Это интересный город. Там люди сразу нам сказали: если Россия пришла, то это навсегда. Ни я, ни мама этого не понимали. Мы знали, что это не навсегда, что победа будет обязательно. Там были пожилые люди, все они поддерживали Путина. То есть, для них это был кумир. Я такого еще не видел. Мне там было очень некомфортно. Недалеко от города была копанка, там работали шахтеры. Приехала милиция, забрали всех. Потом в одном дворе прорвало трубу. Приехали восемь ребят, начали чинить эту трубу. Их увидела милиция, тоже забрали всех.

Было страшно ходить по городу. Потому что тебя могли схватить и все.

Помню, сидел на лавочке с бабушками, к нам подошел парень и говорит: “Я служу в ЛНР”. Они отбили какое-то село, у них две недели перекур, а дальше снова пойдут воевать. Я еще говорил бабушкам: “Ребята едут на войну. Это нормально? Это — ужас!” А они говорили, что кто-то должен воевать за что-то.

В больнице была одна санитарка. Такая большая, крепкая женщина. Она говорила, что у нее муж ушел воевать, и если что, она тоже пойдет. Я не знаю, что будет дальше с этими районами. Если у нас 15% населения (возможно) за Россию, то там, наверное, все 90%. Это меня пугает, потому что они не видели ужасов войны, не знают, какой это ужас, когда нет времени на жизнь, потому что ракеты летят и днем, и ночью.

Что побудило вас уехать из Антрацита?

Те люди, с которыми я общался, предлагали мне остаться. Работы в городе для мужчин очень много. Потому что мужчин там практически не было. Когда я ходил по улицам, мужчин не видел, были только женщины. Очень много. Я тогда общался с сестрой. Она говорила, что это не вариант. Потому что война придет туда рано или поздно. Я принял решение ехать дальше через Россию. В какую-то страну Евросоюза.

Как вам удалось выехать через Россию в Европу?

Я купил билет до Ростова. В автобусе не было мужчин. Там был я и пожилые люди. Ребята из “ЛНР” приставали. Держали минут 40 на границе, смотрели, кто я, где я, куда я.
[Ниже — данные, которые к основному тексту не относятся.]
(* Every closed walk weighs at most 0: cut it into simple cycles. *)
Lemma closed_walk_le1 (x : I) (p : seq I) :
  last x p = x -> vle (walk_weight x p) nu1.
Proof.
have [k] := ubnP (size p); elim: k x p => // k IH x p ltpk.
case/lastP: p ltpk => [|q y] ltpk; first by rewrite /= lexx.
rewrite last_rcons => Ey; subst y.
have [U|/walk_loop_split[a [b [c [q_split b0 loop_b]]]]] := boolP (uniq (x :: q)).
  rewrite walk_weight_rcons; apply: vle_trans (adj_mul_le1 x (last x q)).
  by apply: vle_mul2r; apply: simple_walk_le_adj.
rewrite {}q_split in ltpk *; move: ltpk; rewrite !rcons_cat !size_cat size_rcons => ltpk.
rewrite walk_weight_loop //.
have lt_ac : size (a ++ rcons c x) < k by rewrite size_cat size_rcons; lia.
have lt_b : size b < k by lia.
apply: vle_trans (vmul_le1 _ (IH _ _ lt_b loop_b)) _.
by apply: IH lt_ac _; rewrite last_cat last_rcons.
Qed.

(* Removing closed subwalks, every walk is dominated by a simple path with
   the same endpoints. *)
Lemma walk_simplify (x : I) (p : seq I) : exists2 q, uniq (x :: q) &
  last x q = last x p /\ vle (walk_weight x p) (walk_weight x q).
Proof.
have [k] := ubnP (size p); elim: k x p => // k IH x p ltpk.
have [U|/walk_loop_split[a [b [c [p_split b0 loop_b]]]]] := boolP (uniq (x :: p)).
  by exists p => //; split; rewrite ?vle_refl.
move: ltpk; rewrite p_split !size_cat => ltpk.
have [|q U [lq le_q]] := IH x (a ++ c); first by rewrite size_cat; lia.
exists q => //; split; first by rewrite lq !last_cat loop_b.
rewrite walk_weight_loop //; apply: vle_trans le_q.
exact: vmul_le1 (closed_walk_le1 loop_b).
Qed.

Lemma walk_le_adj x p : vle (walk_weight x p) (nu (sadj A x (last x p))).
Proof.
have [q U [<- le_q]] := walk_simplify x p.
exact: vle_trans le_q (simple_walk_le_adj U).
Qed.

Lemma pow_le_adj k i j : vle (nu (P k i j)) (nu (sadj A i j)).
Proof. by case: (pow_attained A i k j) => [->|[p [_ <- ->]]] //; apply: walk_le_adj. Qed.

Lemma perm_cycle_path (S : 'S_n.+1) i j : S j = i ->
  exists q, [/\ fingraph.orbit S i = i :: q, path (frel S) i q & last i q = j].
Proof.
move=> Sji; have ord_gt0 := fingraph.order_gt0 S i.
exists (traject S (S i) (fingraph.order S i).-1); split.
- by rewrite /fingraph.orbit -{1}(prednK ord_gt0) trajectS.
- exact: fpath_traject.
- apply: (@perm_inj _ S); rewrite last_traject -iterS prednK // Sji.
  exact: fingraph.iter_order perm_inj i.
Qed.

(* The factors of a permutation outside one of its cycles weigh at most 0:
   replacing that cycle by fixed points gives another permutation. *)
Lemma off_orbit_le1 (S : 'S_n.+1) i :
  vle (\big[vmul/nu1]_(r | r \notin fingraph.orbit S i) w r (S r)) nu1.
Proof.
have closedC r : r \notin fingraph.orbit S i -> S r \notin fingraph.orbit S i.
  rewrite -!fconnect_orbit; apply: contra => h.
  by apply: connect_trans h _; rewrite fconnect_sym ?fconnect1 //; exact: perm_inj.
pose tau r := if r \in fingraph.orbit S i then r else S r.
have tau_inj : injective tau.
  move=> r1 r2; rewrite /tau; case: ifP => h1; case: ifP => h2 //.
  - by move=> E; move: (closedC r2 (negbT h2)); rewrite -E h1.
  - by move=> E; move: (closedC r1 (negbT h1)); rewrite E h2.
  - exact: perm_inj.
have := perm_weight_le1 (perm tau_inj).
rewrite nu_prod (bigID (fun r => r \in fingraph.orbit S i)) /=.
rewrite big1 => [|r rC]; last by rewrite permE /tau rC loop_weight.
rewrite vmul1; congr (is_true (vle _ _)).
by apply: eq_bigr => r rC; rewrite permE /tau (negbTE rC).
Qed.

(* An optimal term of adj(A)_ij is a simple path from i to j, of length at
   most n, times off-cycle factors of weight <= 0. *)
Lemma adj_le_pow i j : vle (nu (sadj A i j)) (nu (P n i j)).
Proof.
case: (adj_attained A i j) => [->|[S Sji ->]] //.
have [q [orbitE pth lq]] := perm_cycle_path Sji.
have U : uniq (i :: q) by rewrite -orbitE fingraph.orbit_uniq.
have size_q : size q <= n.
  by have := max_card (mem (i :: q)); rewrite card_ord (card_uniqP U).
rewrite -{1}lq (cofactor_term_split A U pth) -orbitE.
apply: vle_trans (vmul_le1 _ (off_orbit_le1 S i)) _.
apply: vle_trans (walk_le_pow A i q) _; rewrite lq.
exact: pow_le_mono.
Qed.

End DefiniteMatrix.

Section KleeneStar.
Variables (d : Order.disp_t) (G : orderedAbGroupType d).

Definition ghost_mx n (B : 'M[st G]_n) : 'M[st G]_n :=
  \matrix_(i, j) match nu (B i j) with Some a => Gh a | None => Ninf G end.

Lemma nu_ghost_mx n (B : 'M[st G]_n) i j : nu (ghost_mx B i j) = nu (B i j).
Proof. by rewrite mxE; case: (nu (B i j)). Qed.

Variables (n : nat) (A : 'M[st G]_n.+1).
Hypothesis definiteA : definite A.
Local Notation P k := (smx_pow A k).

(* For A of size n+1: nu(adj A) = nu(A^n), and the powers of A are
   nu-constant from A^n on. *)
Lemma adj_nu_pow i j : nu (sadj A i j) = nu (P n i j).
Proof. by apply: vle_anti; [exact: adj_le_pow | exact: pow_le_adj]. Qed.

Lemma pow_nu_stable k i j : n <= k -> nu (P k i j) = nu (P n i j).
Proof.
move=> le_nk; apply: vle_anti; last exact: pow_le_mono.
by rewrite -adj_nu_pow; apply: pow_le_adj.
Qed.

(* Each partial sum of the Kleene star is bounded by adj(A) and dominates
   its top power, so it is nu-constant from m = n on. *)
Lemma psum_nu_stable m i j : n <= m -> nu (kleene_psum A m i j) = nu (P n i j).
Proof.
move=> le_nm; apply: vle_anti.
  rewrite -adj_nu_pow; elim: m {le_nm} => [|m IH]; first exact: (pow_le_adj _ 0).
  rewrite /= /smx_add mxE.
  by case: (nu_splus (kleene_psum A m i j) (P m.+1 i j)) => _ _ [->|->] //; apply: pow_le_adj.
have -> : nu (P n i j) = nu (P m i j) by rewrite [RHS]pow_nu_stable.
case: m le_nm => [|m] _; first exact: vle_refl.
by rewrite /= /smx_add mxE; case: (nu_splus (kleene_psum A m i j) (P m.+1 i j)).
Qed.

(* From m = n+1 on, each partial sum adds two terms of equal nu-value,
   which yields the ghost matrix of A^n. *)
Lemma kleene_star_ghost : kleene_star A (ghost_mx (P n)).
Proof.
exists n.+1 => -[|m] // lt_nm; apply/matrixP => i j.
rewrite [LHS]/= /smx_add mxE splus_nu_eq; last first.
  by rewrite psum_nu_stable // (@pow_nu_stable m.+1) // ltnW.
by rewrite psum_nu_stable // mxE.
Qed.

End KleeneStar.

Theorem proposition3p7 (d : Order.disp_t) (G : orderedAbGroupType d) (n : nat)
    (A : 'M[st G]_n) :
  definite A ->
  exists S : 'M[st G]_n,
    kleene_star A S /\ nu_mx_eq (snabla A) S /\ nu_mx_eq S (smx_pow A n.-1).
Proof.
case: n A => [|n] A definiteA.
  exists A; split; last by split => -[].
  by exists 0 => m _; apply/matrixP => -[].
exists (ghost_mx (smx_pow A n)); split; first exact: kleene_star_ghost.
split => i j; rewrite nu_ghost_mx //.
by rewrite (snabla_det1 definiteA.2) adj_nu_pow.
Qed.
Я не служил, а они пытались узнать, почему я не служил. Все документы спрашивали, раздевали, проверяли телефон. Перед тем, как выезжать, я удалил всю информацию проукраинскую. Когда мы переезжали через российскую границу, такая же ситуация была.

Я говорил: “Ребята из “ЛНР”, “ДНР” меня проверяли, сейчас — вы”. Они задавали очень много вопросов. Приехал я в Ростов. Там меня встретила девушка, лет 23-х. Отвезла к одному парню. Хороший парень, Андрей. В городе Антрацит и уже в Ростове было очень много свастики. Магазины со знаками “Z”. Плакаты с военными. А этот парень говорил, что сначала тоже хотел уехать из России, но потом решил помогать таким как мы.

Волонтеры говорили: “Мы ждем победы. Победы одной страны — Украины”. Это был шок, потому что моя сестра говорила: “Забудь украинский язык, разговаривай только на русском”.

Потом нас посадили в автобус до Санкт-Петербурга. Там нас встретил еще один волонтер. Я когда выезжал, мне говорили: “Ну, какие волонтеры могут быть в России. Может где-то там в Европе еще есть. Но в России ни одного нет”. Но они есть и их очень много. Они не знают украинского языка, но они очень добрые люди.

Меня парень из Питера спрашивал, как мы жили под обстрелами? Как это вообще? Я говорил, что первые два месяца ты как-то держишься. А дальше видишь, что конца нет и просто опускаются руки. Не хочется даже вставать утром. Ты понимаешь, что тебе нужно набрать канистру воды, пробежать километр до колодца. Там лежат неразорвавшиеся снаряды. Их нужно обходить. Планы мы строили максимум на два часа. Выжить. Если выживем, то будем строить планы на следующие два часа.

Моя сестра — кинолог, занималась собаками. Я видел, как люди бросали своих собак. Люди выезжали, а собак — просто на улицу. Каких только собак я не видел! Конечно, мы давали им какую-то еду. Но они все равно умирали от голода. Российские военные убивали собак. Не знаю — зачем. Я искал человека, который мог взять моих собак. Впоследствии их вывезли в город Харьков. А я поехал в Финляндию. Опять на границе раздевали, смотрели все, что у меня было. Практически всю информацию, которую могли выяснить, они выяснили. Где я работал, в каком году, в каком городе, куда ездил, что делал. Все проверяли, абсолютно все.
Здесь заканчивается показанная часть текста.